Deconstructing Buffalo - Part I



***Update***
June 8, 2005
Two additional reclamation and re-use models have surfaced via Cyburbia!
This first one has a pretty cool environmentally sensitive twist. Check it out!


Hillsbourough, California
Bridgeport, Connecticut
Michele Johnson doesn't spend much time talking about getting things done, she does things! She has spent years and hundreds of hours tracking down the quasi-legal "flipping" of properties on Ebay. This resulted in her commitment and participation in the "Mayor's Task-Force on Flipping." Here's that news conference last month.
Now she has agreed to lead a group of activists, community groups and with the cooperation of some of Buffalo's most enlightened elected officals and possibly city employees to establish Buffalo's first building materials reclamation and re-use project.

This is the alternative to expensive demolitions and sending Buffalo's architectural heritage to a landfill in Pennsylvannia. More about the this story as it quickly develops and the call for volunteers to begin the deconstruction process.
Meanwhile, a quick posting to Cyburbia...the most innovative message board for innovative urban planning related stuff...yielded two models of successful "reclamation and re-use" projects located around the country.
  • The Harmony Project - Charleston, SC - These items are as good as new, except they are used. These and so much more can be found at the Harmony Warehouse. They carry everything from toilets, full cans of paint, buckets full of doorknobs, and electrical switch boxes to desks, sofas and out-of-tune pianos. The most sought after items in the Warehouse are windows, doors, lumber, washing machines, shingles, siding and flooring.

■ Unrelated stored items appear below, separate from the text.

Lemma boundary_chart_ball_height {q y : 'rV[R]_n.+1} {sp Lp r : R} :
  0 < Lp -> 0 < r -> ball q sp `<=` U -> Lp.-lipschitz_(ball q sp) psi ->
  O y -> ball q (sp / 2) (phi y) -> eball y r `<=` K ->
  r <= n.+1%:R * Lp * (sp / 2) -> r / (n.+1%:R * Lp) <= phi y 0 ord0.
Proof.
move=> Lp0 r0 qU psiLip Oy qy yrK rsp.
set L := n.+1%:R * Lp; have L0 : 0 < L by rewrite mulr_gt0.
have y0 : 0 <= phi y 0 ord0.
  by apply/boundary_chart_memE => //; apply: yrK; rewrite /eball /= subrr enorm0.
rewrite leNgt; apply/negP => ylow.
(* Lowering phi y by c < r / L in the normal direction leaves K, yet stays
   within r of y because psi is Lipschitz. *)
pose c := (phi y 0 ord0 + r / L) / 2.
have c0 : 0 <= c by rewrite /c; lra.
have c_lt : c < r / L by rewrite /c; lra.
pose u := phi y - c *: 'e_ord0.
have uy : `|u - phi y| <= c.
  by rewrite /u addrAC subrr add0r normrN normrZ ger0_norm // ler_piMr ?normr_delta_mx_le.
have qu : ball q sp u.
  move: qy; rewrite -!ball_normE /= => qy.
  rewrite -(subrKA (phi y)); apply: le_lt_trans (ler_normD _ _) _.
  have : r / L <= sp / 2 by rewrite ler_pdivrMr // mulrC.
  by move: uy c_lt; rewrite distrC; lra.
have [z Oz phiz] : exists2 z, O z & phi z = u by move: (qU u qu); rewrite -phiO => -[z]; exists z.
have zK : ~ K z.
  by rewrite boundary_chart_memE // phiz /u !mxE eqxx mulr1 /c; lra.
apply: zK; apply: yrK; rewrite /eball /=.
apply: le_lt_trans (enorm_le_normr _) _.
apply: le_lt_trans (_ : L * c < r); last by rewrite mulrC -ltr_pdivlMr.
have -> : z - y = psi u - psi (phi y) by rewrite -phiz !phiK.
rewrite /L -mulrA ler_wpM2l //.
apply: le_trans (psiLip (u, phi y) (conj qu _)) _; last by rewrite /= ler_wpM2l // ltW.
by move: qy (normr_ge0 (q - phi y)); rewrite /= -!ball_normE /=; lra.
Qed.

Hypotheses (Oo : open O) (phis : smooth_on O phi).

Lemma boundary_chart_segment {p q x y : 'rV[R]_n.+1} {S sp Lp L2 lambda r : R} :
  0 < Lp -> 0 <= L2 -> 0 < r ->
  ball q sp `<=` U -> Lp.-lipschitz_(ball q sp) psi ->
  ball p S `<=` O -> ball p S `<=` phi @^-1` ball q (sp / 2) ->
  (forall j, L2.-lipschitz_(ball p S) ('D_'e_j phi)) ->
  ball p (S / 2) x -> K x -> eball y r `<=` K -> enorm (x - y) <= lambda * r ->
  lambda * r < S / 2 -> r <= n.+1%:R * Lp * (sp / 2) ->
  n.+1%:R * L2 * (lambda * r) ^+ 2 <= r / (n.+1%:R * Lp) ->
  segment x y `<=` K.
Proof.
move=> Lp0 L20 r0 qU psiLip pO p_phi DLip px Kx yrK xy lr_S r_sp deficit _ [t t01 <-].
set w := y - x.
have w_le : `|w| <= lambda * r by apply: le_trans (normr_le_enorm _) _; rewrite /w -enormN opprB.
have seg s : 0 <= s <= 1 -> ball p S (x + s *: w).
  move=> /andP[s0 s1]; move: px; rewrite -!ball_normE /= => px.
  rewrite opprD addrA; apply: le_lt_trans (ler_normB _ _) _; rewrite normrZ ger0_norm //.
  have : s * `|w| <= `|w| by rewrite ler_piMl.
  by move: w_le lr_S; lra.
have xw : x + w = y by rewrite addrC subrK.
have py : ball p S y by rewrite -xw -[w]scale1r; apply: seg; rewrite ler01 lexx.
have hy := boundary_chart_ball_height Lp0 r0 qU psiLip (pO _ py) (p_phi _ py) yrK r_sp.
have hx : 0 <= phi x 0 ord0.
  apply/boundary_chart_memE => //; apply: pO.
  by rewrite -[x]addr0 -[0](scale0r w); apply: seg; rewrite lexx ler01.
move: t01; rewrite /= in_itv /= => t01.
apply/boundary_chart_memE; first exact: pO (seg t t01).
have := chord_le_of_lipschitz_partials ord0 Oo phis pO L20 DLip seg t01.
rewrite xw; apply: le_trans.
have Kc : n.+1%:R * L2 * `|w| ^+ 2 <= r / (n.+1%:R * Lp).
  apply: le_trans deficit; rewrite ler_wpM2l ?mulr_ge0 //.
  by apply: lerXn2r; rewrite ?nnegrE // (le_trans _ w_le).
move: t01 => /andP[t0 t1].
have : t * (1 - t) * (n.+1%:R * L2 * `|w| ^+ 2) <= t * phi y 0 ord0.
  rewrite -mulrA ler_wpM2l // (le_trans _ (le_trans Kc hy)) // ler_piMl ?mulr_ge0 //.
  by rewrite lerBlDr lerDl.
have : 0 <= (1 - t) * phi x 0 ord0 by rewrite mulr_ge0 ?subr_ge0.
lra.
Qed.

  • The Loading Dock - Baltimore, MD - The Loading Dock, Inc. is the nation's first successful, self-sustaining, nonprofit clearinghouse of reusable and surplus building materials. TLD helps improve living conditions for families, neighborhoods and communities while positively impacting the environment. Mission: We increase the supply and use of affordable building materials for housing and communtiy improvement by redirecting landfill-bound, reusable materials into productive use. Since 1984, TLD has saved low-income housing and community projects over 6.7 million and has rescued over 33,000 tons of building materials from landfills.